Gapsin Coup

The Gapsin Putsch, also known as Gapsin Revolution, was a 3-day failed coup attempt on December 4, 1884 Korea of the late Joseon Dynasty. The term Gapsin ( 갑신 ) is derived from the annual appointment for the year 1884 in the Chinese 60 -year cycle.

Expiration

After the opening of Japan and the subsequent rapid modernization of the country's Gaehwapa, a group of Korean reformers Kim Ok- gyun and Pak Yeong- hyo attempting to carry out such changes in Korea. To turn off the conservative faction reformabgeneigte the Korean court, they occupied on 4 December 1884, the Royal Palace in Hanseong.

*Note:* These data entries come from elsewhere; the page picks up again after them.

Lemma second_difference_approx (w : V -> R) x a b :
  (\forall y \near x, differentiable w y) -> differentiable ('D_b w) x ->
  forall e, 0 < e -> exists2 d, 0 < d & forall s, 0 < s -> s < d ->
  `|second_difference w x a b s - s ^+ 2 * 'D_a ('D_b w) x| <= e * s ^+ 2.
Proof.
move=> /nbhs_normP [r r0 w_near] dG e e0.
have w_diff z : `|z| < r -> differentiable w (x + z).
  by move=> zr; apply: w_near; rewrite /ball_ /= opprD addrA subrr sub0r normrN.
set G := 'D_b w; set C := `|a| + `|b|.
have C1 : 0 < C + 1 by rewrite ltr_wpDl // addr_ge0.
have [e' e'0 e'C] : exists2 e', 0 < e' & e' * (2 * C) <= e.
  exists (e / (2 * C + 1)); first by rewrite divr_gt0 // ltr_wpDl // mulr_ge0 ?addr_ge0.
  rewrite mulrAC ler_pdivrMr ?ltr_wpDl ?mulr_ge0 ?addr_ge0 //.
  by rewrite ler_pM2l // lerDl.
have [d1 d10 G_approx] := differentiable_approx dG _ e'0.
have [d d0 [d_d1 d_r]] := exists_pos_lt2 (divr_gt0 d10 C1) (divr_gt0 r0 C1).
exists d => // s s0 sd.
have sC_lt q : d < q / (C + 1) -> s * C < q.
  move=> dq; apply: (le_lt_trans (y := s * (C + 1))); first by rewrite ler_pM2l // lerDl.
  by rewrite -ltr_pdivlMr // (lt_trans sd dq).
have norm_sa c : 0 <= c <= s -> `|s *: a + c *: b| <= s * C.
  move=> /andP [c0 cs]; apply: (le_trans (ler_normD _ _)); rewrite !normrZ.
  rewrite (ger0_norm (ltW s0)) (ger0_norm c0) mulrDr lerD2l.
  by apply: ler_wpM2r.
have norm_b c : 0 <= c <= s -> `|c *: b| <= s * C.
  move=> /andP [c0 cs]; rewrite normrZ (ger0_norm c0).
  apply: (le_trans (y := s * `|b|)); first by apply: ler_wpM2r.
  by rewrite ler_pM2l // lerDr.
have dw_a c : 0 <= c <= s -> differentiable w (x + s *: a + c *: b).
  by move=> cs; rewrite -addrA; apply/w_diff/(le_lt_trans (norm_sa c cs))/sC_lt.
have dw_b c : 0 <= c <= s -> differentiable w (x + c *: b).
  by move=> cs; apply/w_diff/(le_lt_trans (norm_b c cs))/sC_lt.
have [c cs ->] := @second_difference_mvt w x a b s s0 dw_a dw_b.
have A_le := G_approx _ (le_lt_trans (norm_sa c cs) (sC_lt _ d_d1)).
have B_le := G_approx _ (le_lt_trans (norm_b c cs) (sC_lt _ d_d1)).
have DaG : 'D_a G x = 'd G x a by rewrite deriveE.
have -> : G (x + s *: a + c *: b) - G (x + c *: b) =
    (G (x + (s *: a + c *: b)) - G x - 'd G x (s *: a + c *: b))
    - (G (x + c *: b) - G x - 'd G x (c *: b)) + s * 'D_a G x.
  by rewrite DaG addrA linearD !linearZ /= /GRing.scale /=; ring.
move: A_le B_le; set A := G (x + (_ + _)) - _ - _; set B := G (x + _) - _ - _.
move=> A_le B_le.
have -> : s * (A - B + s * 'D_a G x) - s ^+ 2 * 'D_a G x = s * (A - B) by ring.
rewrite normrM (ger0_norm (ltW s0)).
have AB_le : `|A - B| <= e' * (s * C) + e' * (s * C).
  apply: (le_trans (ler_normB _ _)); apply: lerD.
  - by apply: (le_trans A_le); apply: ler_wpM2l; [exact: ltW | exact: norm_sa].
  - by apply: (le_trans B_le); apply: ler_wpM2l; [exact: ltW | exact: norm_b].
apply: (le_trans (ler_wpM2l (ltW s0) AB_le)).
have -> : s * (e' * (s * C) + e' * (s * C)) = e' * (2 * C) * s ^+ 2 by ring.
by apply: ler_wpM2r; rewrite ?sqr_ge0.
Qed.
(* Let $\lambda$ be a partition of $d$ with at most $n$ parts, padded with zeros to length $n$, and let $\nu$ be its reduction. Then $|N_\lambda|=|N_\nu|$. Moreover, $\mathcal{M}_{n,\lambda}=\mathcal{M}_{n,\nu}$ in $\mathbb{P}^{|N_\nu|-1}$, where the coordinates are identified by the bijection $N_\lambda\to N_\nu$ that replaces each entry of an index vector by the corresponding entry of $\nu$, as described below.
   Context: Work over $\mathbb{C}$. Reduction: pad $\lambda$ with zeros to length $n$. Let the distinct values occurring in the padded $\lambda$ (including $0$ if present) have multiplicities $k_0\ge k_1\ge\cdots\ge k_s$, and let $v_j$ denote the value with multiplicity $k_j$. The reduction of $\lambda$ is $$\nu=(\underbrace{s,\ldots,s}_{k_s},\underbrace{s-1,\ldots,s-1}_{k_{s-1}},\ldots,\underbrace{1,\ldots,1}_{k_1},\underbrace{0,\ldots,0}_{k_0}).$$ For example, both $(8,5,5,4)$ and $(7,7,3,0)$ (with $n=4$) have reduction $(2,1,0,0)$. The coordinate bijection replaces each entry $v_j$ of an index vector by $j$. For a vector $\kappa\in\mathbb{Z}_{\ge0}^n$ (such as the padded $\lambda$ or $\nu$), $N_\kappa$ is the set of all rearrangements $(i_1,\ldots,i_n)$ of $\kappa$; equivalently, the index vectors whose multiset of nonzero entries equals the nonzero parts of $\kappa$. The variety $\mathcal{M}_{n,\kappa}\subset\mathbb{P}^{|N_\kappa|-1}$, with coordinates $m_{i_1\cdots i_n}$ for $(i_1,\ldots,i_n)\in N_\kappa$, is the Zariski closure of the image of the monomial map $(\mu_{ki})\mapsto(\mu_{1i_1}\cdots\mu_{ni_n})_{(i_1,\ldots,i_n)\in N_\kappa}$, with the convention $\mu_{k0}=1$. *)

From HB Require Import structures.
From mathcomp Require Import all_boot all_order all_algebra.
From mathcomp Require Import reals.
From mathcomp Require Import complex.
From mathcomp Require Import mpoly.

Set Implicit Arguments.
Unset Strict Implicit.
Unset Printing Implicit Defensive.

Import Order.TTheory GRing.Theory Num.Theory.
Local Open Scope ring_scope.

Definition CC (R : realType) : numClosedFieldType := (R[i])%C.

Definition pad (n : nat) (lam : seq nat) : seq nat :=
  lam ++ nseq (n - size lam) 0%N.

Definition Nidx (kappa : seq nat) : seq (seq nat) := permutations kappa.

(* Given an enumeration vs = [:: v_0; ...; v_s] of the distinct values of
   the padded partition (ordered by nonincreasing multiplicity), the
   reduction nu = (s^{k_s}, ..., 1^{k_1}, 0^{k_0}). *)
Definition reduction (lamp vs : seq nat) : seq nat :=
  flatten [seq nseq (count_mem (nth 0%N vs j) lamp) j
          | j <- rev (iota 0 (size vs))].

Definition code (vs : seq nat) (i : seq nat) : seq nat :=
  [seq index v vs | v <- i].


Definition monom (C : fieldType) (mu : nat -> nat -> C) (i : seq nat) : C :=
  \prod_(k < size i) (if nth 0%N i k == 0%N then 1 else mu k (nth 0%N i k)).

(* Point of P^{|N_kappa|-1} (affine representative) attached to a function
   x on index vectors, in the coordinates m_i, i in N_kappa. *)
Definition coords (C : fieldType) (kappa : seq nat) (x : seq nat -> C)
  : 'I_(size (Nidx kappa)) -> C :=
  fun j => x (nth [::] (Nidx kappa) j).
Arguments coords : clear implicits.

(* [x] lies in M_{n,kappa}: x is a nonzero vector and every homogeneous
   polynomial vanishing on the image of the monomial map vanishes at x,
   i.e. [x] is in the Zariski closure of the image in P^{|N_kappa|-1}. *)
Definition inM (C : fieldType) (kappa : seq nat) (x : seq nat -> C) : Prop :=
  (exists j, coords C kappa x j != 0) /\
  forall (d : nat) (p : {mpoly C[size (Nidx kappa)]}),
    p \is d.-homog ->
    (forall mu : nat -> nat -> C, p.@[coords C kappa (monom (C:=C) mu)] = 0) ->
    p.@[coords C kappa x] = 0.

From HB Require Import structures.
From mathcomp Require Import all_boot all_order all_algebra.
From mathcomp Require Import reals complex mpoly.
From mathcomp Require Import fingroup perm.

(* Relabelling the entries by v_j |-> j maps the rearrangements of the padded
   partition bijectively onto those of its reduction.  Under this bijection
   the two monomial maps differ only in the value b whose variables are set
   to mu_{k b} = 1 (b = 0 for nu, b = index of 0 in vs for lambda).  Both are
   specialisations of the monomial map in which every mu_{k v} is free, and a
   homogeneous polynomial vanishes on such a specialisation iff it vanishes
   on the free map: every coordinate contains exactly one factor mu_{k _} for
   each k, so dividing row k by mu_{k b} only rescales the point, and rows
   with mu_{k b} = 0 are limits of a one-parameter polynomial family. *)

Set Implicit Arguments.
Unset Strict Implicit.
Unset Printing Implicit Defensive.

Import Order.TTheory GRing.Theory Num.Theory.

Lemma count_flatten_nseq (T : eqType) (c : T -> nat) (r : seq T) (w : T) :
  uniq r ->
  count_mem w (flatten [seq nseq (c j) j | j <- r]) = if w \in r then c w else 0.
Proof.
elim: r => //= j r IHr /andP [j_r r_uniq].
rewrite count_cat count_nseq IHr // in_cons eq_sym /=.
by have [<- | _] := eqVneq j w; rewrite ?(negbTE j_r) ?mul1n ?addn0.
Qed.

Lemma nth_code (vs i : seq nat) (k : nat) :
  k < size i -> nth 0 (code vs i) k = index (nth 0 i k) vs.
Proof. exact: nth_map. Qed.

Lemma perm_code_reduction (lamp vs : seq nat) :
  uniq vs -> {subset lamp <= vs} -> perm_eq (code vs lamp) (reduction lamp vs).
Proof.
move=> vs_uniq lam_vs; apply/allP => w _; apply/eqP.
rewrite count_flatten_nseq ?rev_uniq ?iota_uniq // mem_rev mem_iota add0n.
rewrite count_map; case: ltnP => [w_lt | w_ge].
- apply: eq_in_count => v /lam_vs v_vs /=.
  by apply/eqP/eqP => [<- | ->]; rewrite ?nth_index ?index_uniq.
- apply/eqP; rewrite eqn0Ngt -has_count; apply/hasPn => v /lam_vs v_vs /=.
  by rewrite neq_ltn (leq_trans _ w_ge) ?index_mem.
Qed.

Lemma perm_map_permutations (T U : eqType) (f : T -> U) (g : U -> T) (s : seq T) :
  {in s, cancel f g} ->
  perm_eq (map (map f) (permutations s)) (permutations (map f s)).
Proof.
move=> fK.
have mapK u : perm_eq u s -> map g (map f u) = u.
  move=> us; rewrite -map_comp; apply: map_id_in => x xu.
  by apply: fK; rewrite -(perm_mem us).
apply: uniq_perm; rewrite ?permutations_uniq //.
  rewrite map_inj_in_uniq ?permutations_uniq // => u v.
  by rewrite !mem_permutations => u_s v_s fuv; rewrite -(mapK u) // fuv mapK.
move=> t; rewrite mem_permutations; apply/mapP/idP => [[u us ->] | ts].
  by apply: perm_map; rewrite -mem_permutations.
exists (map g t).
  by rewrite mem_permutations -(mapK s) ?perm_map.
rewrite -map_comp map_id_in // => y; rewrite (perm_mem ts) => /mapP [x xs ->] /=.
by rewrite fK.
Qed.

Lemma perm_code_permutations (lamp vs : seq nat) :
  uniq vs -> {subset lamp <= vs} ->
  perm_eq [seq code vs i | i <- Nidx lamp] (Nidx (reduction lamp vs)).
Proof.
move=> vs_uniq lam_vs.
apply: perm_trans (perm_permutations (perm_code_reduction vs_uniq lam_vs)).
by apply: (@perm_map_permutations _ _ _ (nth 0 vs)) => v /lam_vs /nth_index.
Qed.

Lemma perm_map_reindex (T U : eqType) (x0 : T) (y0 : U) (f : T -> U)
    (s : seq T) (t : seq U) :
  uniq t -> perm_eq (map f s) t ->
  exists2 sig : 'I_(size s) -> 'I_(size t),
    injective sig & forall j, nth y0 t (sig j) = f (nth x0 s j).
Proof.
move=> t_uniq fst.
have fs_t (j : 'I_(size s)) : f (nth x0 s j) \in t.
  by rewrite -(perm_mem fst) map_f ?mem_nth.
exists (fun j => Ordinal (etrans (index_mem _ _) (fs_t j)))
    => [j1 j2 /(congr1 val) /= e | j].
  have fs_uniq : uniq (map f s) by rewrite (perm_uniq fst).
  apply/ord_inj/eqP; rewrite -(nth_uniq y0 _ _ fs_uniq) ?size_map //.
  by rewrite !(nth_map x0) // -(nth_index y0 (fs_t j1)) e nth_index.
by rewrite /= nth_index.
Qed.

Local Open Scope ring_scope.

Section ProjectiveClosure.
Variables (C : comRingType) (N : nat).

Definition in_closure (P : Type) (phi : P -> 'I_N -> C) (y : 'I_N -> C) : Prop :=
  (exists j, y j != 0) /\
  forall d (p : {mpoly C[N]}), p \is d.-homog ->
    (forall t, p.@[phi t] = 0) -> p.@[y] = 0.

Lemma meval_dhomogZ (p : {mpoly C[N]}) d c (v : 'I_N -> C) :
  p \is d.-homog -> p.@[fun j => c * v j] = c ^+ d * p.@[v].
Proof.
move=> /dhomogP p_homog; rewrite !mevalE big_distrr /=.
apply: eq_big_seq => m m_p; rewrite mulrCA; congr (_ * _).
rewrite -(p_homog m m_p) /= mdegE -prodrXr -big_split /=.
by apply: eq_bigr => i _; rewrite exprMn.
Qed.

Lemma meval_msym (p : {mpoly C[N]}) (s : 'S_N) (v : 'I_N -> C) :
  (msym s p).@[v] = p.@[fun i => v (s i)].
Proof.
rewrite {1}(mpolyE p) [msym s _]linear_sum /= rmorph_sum /= mevalE.
apply: eq_bigr => m _; rewrite msymZ mevalZ msymX mevalX; congr (_ * _).
rewrite (reindex s) /=; last by exists (s^-1)%g => i _; rewrite ?permK ?permKV.
by apply: eq_bigr => i _; rewrite mnmE permK.
Qed.

Lemma msym_dhomog (p : {mpoly C[N]}) (s : 'S_N) d :
  p \is d.-homog -> msym s p \is d.-homog.
Proof. by rewrite !homog_piE -msym_pihomog => /eqP ->. Qed.

Lemma in_closure_perm (P Q : Type) (phi : P -> 'I_N -> C) (psi : Q -> 'I_N -> C)
    (s : 'S_N) (y z : 'I_N -> C) :
  (forall t, exists t', phi t =1 (fun i => psi t' (s i))) ->
  (forall t', exists t, (fun i => psi t' (s i)) =1 phi t) ->
  z =1 (fun i => y (s i)) ->
  in_closure psi y <-> in_closure phi z.
Proof.
move=> phi_psi psi_phi zE.
have vanish_msym p :
    (forall t, p.@[phi t] = 0) <-> (forall t', (msym s p).@[psi t'] = 0).
  split=> vanish t.
  - by have [t0 E] := psi_phi t; rewrite meval_msym (meval_eq _ E) vanish.
  - by have [t' E] := phi_psi t; rewrite (meval_eq _ E) -meval_msym vanish.
have msymK q : msym s (msym (s^-1)%g q) = q by rewrite -msymMm mulVg msym1m.
have evalz p : p.@[z] = (msym s p).@[y] by rewrite meval_msym; apply: meval_eq.
split=> [[[j yj] y_closed] | [[j zj] z_closed]]; split.
- by exists ((s^-1)%g j); rewrite zE permKV.
- move=> d p p_homog /vanish_msym vanish; rewrite evalz.
  exact: y_closed (msym_dhomog s p_homog) vanish.
- by exists (s j); rewrite -zE.
- move=> d q q_homog vanish; rewrite -[q]msymK -evalz.
  by apply: z_closed (msym_dhomog _ q_homog) _; apply/vanish_msym; rewrite msymK.
Qed.

End ProjectiveClosure.

Lemma meval_horner_at0 (C : numDomainType) (N : nat) (p : {mpoly C[N]})
    (E : 'I_N -> {poly C}) :
  (forall t, t != 0 -> p.@[fun j => (E j).[t]] = 0) ->
  p.@[fun j => (E j).[0]] = 0.
Proof.
move=> vanish.
pose P := \sum_(m <- msupp p) (p@_m)%:P * \prod_i E i ^+ m i.
have PE t : P.[t] = p.@[fun j => (E j).[t]].
  rewrite mevalE horner_sum; apply: eq_bigr => m _.
  rewrite hornerM hornerC horner_prod; congr (_ * _).
  by apply: eq_bigr => i _; rewrite horner_exp.
suff P0 : P = 0 by rewrite -PE P0 horner0.
apply: (@roots_geq_poly_eq0 _ _ (mkseq (fun i => i.+1%:R) (size P))).
- by apply/allP => _ /mapP [i _ ->]; rewrite /root PE vanish ?pnatr_eq0.
- by rewrite map_inj_uniq ?iota_uniq // => i j /eqP; rewrite eqr_nat => /eqP [].
- by rewrite size_mkseq.
Qed.

Definition monomial_point (C : comRingType) (N m : nat) (L : 'I_N -> seq nat)
    (F : nat -> nat -> C) : 'I_N -> C :=
  fun j => \prod_(k < m) F k (nth 0%N (L j) k).

Lemma dhomog_vanish_normalized (C : numFieldType) (N m : nat) (L : 'I_N -> seq nat)
    (b : nat) (p : {mpoly C[N]}) (d : nat) :
  p \is d.-homog ->
  (forall F, (forall k, F k b = 1) -> p.@[monomial_point m L F] = 0) ->
  forall F, p.@[monomial_point m L F] = 0.
Proof.
move=> p_homog vanish_b.
have vanish_unit F : (forall k, F k b != 0) -> p.@[monomial_point m L F] = 0.
  move=> Fb_neq0; pose G k v := F k v / F k b.
  have -> : p.@[monomial_point m L F]
          = p.@[fun j => (\prod_(k < m) F k b) * monomial_point m L G j].
    apply: meval_eq => j; rewrite -big_split; apply: eq_bigr => k _ /=.
    by rewrite mulrC divfK.
  by rewrite (meval_dhomogZ _ _ p_homog) vanish_b ?mulr0 // => k; rewrite /G divff.
move=> F; pose zero_at_b k v := (v == b) && (F k b == 0).
pose E j := \prod_(k < m)
  (if zero_at_b k (nth 0%N (L j) k) then 'X else (F k (nth 0%N (L j) k))%:P).
have EE t : (fun j => (E j).[t])
          =1 monomial_point m L (fun k v => if zero_at_b k v then t else F k v).
  move=> j; rewrite horner_prod; apply: eq_bigr => k _.
  by case: ifP; rewrite ?hornerX ?hornerC.
have -> : p.@[monomial_point m L F] = p.@[fun j => (E j).[0]].
  rewrite (meval_eq _ (EE 0)); apply: meval_eq => j; apply: eq_bigr => k _.
  by rewrite /zero_at_b; case: eqP => // -> /=; case: eqP.
apply: meval_horner_at0 => t t_neq0; rewrite (meval_eq _ (EE t)).
by apply: vanish_unit => k; rewrite /zero_at_b eqxx /=; have [|] := eqVneq (F k b) 0.
Qed.

Lemma in_closure_code (C : comRingType) (vs : seq nat) (m NA NB : nat)
    (fA : 'I_NA -> seq nat) (fB : 'I_NB -> seq nat) (sig : 'I_NA -> 'I_NB)
    (y : 'I_NB -> C) (z : 'I_NA -> C) :
  NA = NB -> injective sig -> (forall j, fB (sig j) = code vs (fA j)) ->
  (forall j, size (fA j) = m) -> (forall j, all (mem vs) (fA j)) ->
  (forall j, z j = y (sig j)) ->
  in_closure (monomial_point m fB) y <-> in_closure (monomial_point m fA) z.
Proof.
move=> eN; subst NB => sig_inj fBE sizeA memA zE.
pose s := perm sig_inj; have sE j : s j = sig j by rewrite permE.
apply: (@in_closure_perm _ _ _ _ _ _ s) => [G | F | j]; last by rewrite zE sE.
- exists (fun k w => G k (nth 0%N vs w)) => j.
  rewrite /monomial_point sE fBE; apply: eq_bigr => k _.
  rewrite nth_code ?sizeA // nth_index //.
  by apply: (allP (memA j)); rewrite mem_nth ?sizeA.
- exists (fun k v => F k (index v vs)) => j.
  by rewrite /monomial_point sE fBE; apply: eq_bigr => k _; rewrite nth_code ?sizeA.
Qed.

Lemma inM_closureE (C : numFieldType) (kappa : seq nat) (x : seq nat -> C) :
  inM kappa x <->
  in_closure (monomial_point (size kappa) (fun j => nth [::] (Nidx kappa) j))
             (coords C kappa x).
Proof.
pose normalize (mu : nat -> nat -> C) k v := if v == 0%N then 1 else mu k v.
have monomE mu : coords C kappa (monom mu)
    =1 monomial_point (size kappa) (fun j => nth [::] (Nidx kappa) j) (normalize mu).
  move=> j; have : nth [::] (Nidx kappa) j \in permutations kappa by rewrite mem_nth.
  by rewrite mem_permutations => /perm_size; rewrite /coords /monom => ->.
split=> -[nz_x closed_x]; split=> // d p p_homog vanish; apply: (closed_x d p p_homog).
- by move=> mu; rewrite (meval_eq _ (monomE mu)).
- apply: (dhomog_vanish_normalized (b := 0%N) p_homog) => F F0.
  rewrite -(vanish F).
  apply: meval_eq => j; rewrite monomE; apply: eq_bigr => k _.
  by rewrite /normalize; case: eqP => // ->.
Qed.

Theorem lemma4p2 (R : realType) (n d : nat) (lam vs : seq nat) :
  (* lam is a partition of d with at most n parts *)
  sorted geq lam -> all (fun x => 0 < x)%N lam -> sumn lam = d ->
  (size lam <= n)%N ->
  (* vs enumerates the distinct values of the padded partition,
     by nonincreasing multiplicity *)
  uniq vs -> (forall v, (v \in pad n lam) = (v \in vs)) ->
  sorted geq [seq count_mem v (pad n lam) | v <- vs] ->
  let nu := reduction (pad n lam) vs in
  size (Nidx (pad n lam)) = size (Nidx nu) /\
  perm_eq [seq code vs i | i <- Nidx (pad n lam)] (Nidx nu) /\
  (forall x : seq nat -> CC R,
     inM nu x <-> inM (pad n lam) (fun i => x (code vs i))).
Proof.
move=> _ _ _ _ vs_uniq mem_vs _ nu.
have lam_vs : {subset pad n lam <= vs} by move=> v; rewrite mem_vs.
have codeP := perm_code_permutations vs_uniq lam_vs.
have sizeN : size (Nidx (pad n lam)) = size (Nidx nu).
  by rewrite -(perm_size codeP) size_map.
split=> //; split=> // x.
have [sig sig_inj sigE] := perm_map_reindex [::] [::] (permutations_uniq nu) codeP.
have permA (j : 'I_(size (Nidx (pad n lam)))) :
    perm_eq (nth [::] (Nidx (pad n lam)) j) (pad n lam).
  by rewrite -mem_permutations mem_nth.
have size_nu : size nu = size (pad n lam).
  by rewrite -(perm_size (perm_code_reduction vs_uniq lam_vs)) size_map.
rewrite !inM_closureE size_nu; apply: (in_closure_code sizeN sig_inj sigE) => j.
- exact: perm_size (permA j).
- by apply/allP => v; rewrite (perm_mem (permA j)); apply: lam_vs.
- by rewrite /coords sigE.
Qed.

To counter the threat, the Queen Min Chinese troops to quell the ill- planned coup called on the sly. After three days succeeded the Yuan Shikai -run, 1,500 men strong Chinese garrison in Hanseong to put down the coup. During the fight the building of the Japanese legation was burned and forty Japanese were killed. Kim Ok- gyun and the other surviving reformers who had relied on the Japanese support only reluctantly granted saw himself forced to flee to Japan into exile.

Follow

The Japanese government demanded an apology and compensation from the Korean government. This led to the Treaty of Hanseong January 9, 1885 in the diplomatic relations between Korea and Japan have been restored and the latter also received 110,000 yen and a new plot of land for the new building of the embassy.

For the reform movement in Korea, the failure of the coup was a fatal setback. Because their leaders were away for a decade of Korean soil and their use of force Japan had discredited as a guiding model for modernization moral.

To reduce tensions on the Korean peninsula between the Chinese empire of the Qing Dynasty and the Japanese Empire, both parties entered into in April 1885 the Treaty of Tientsin.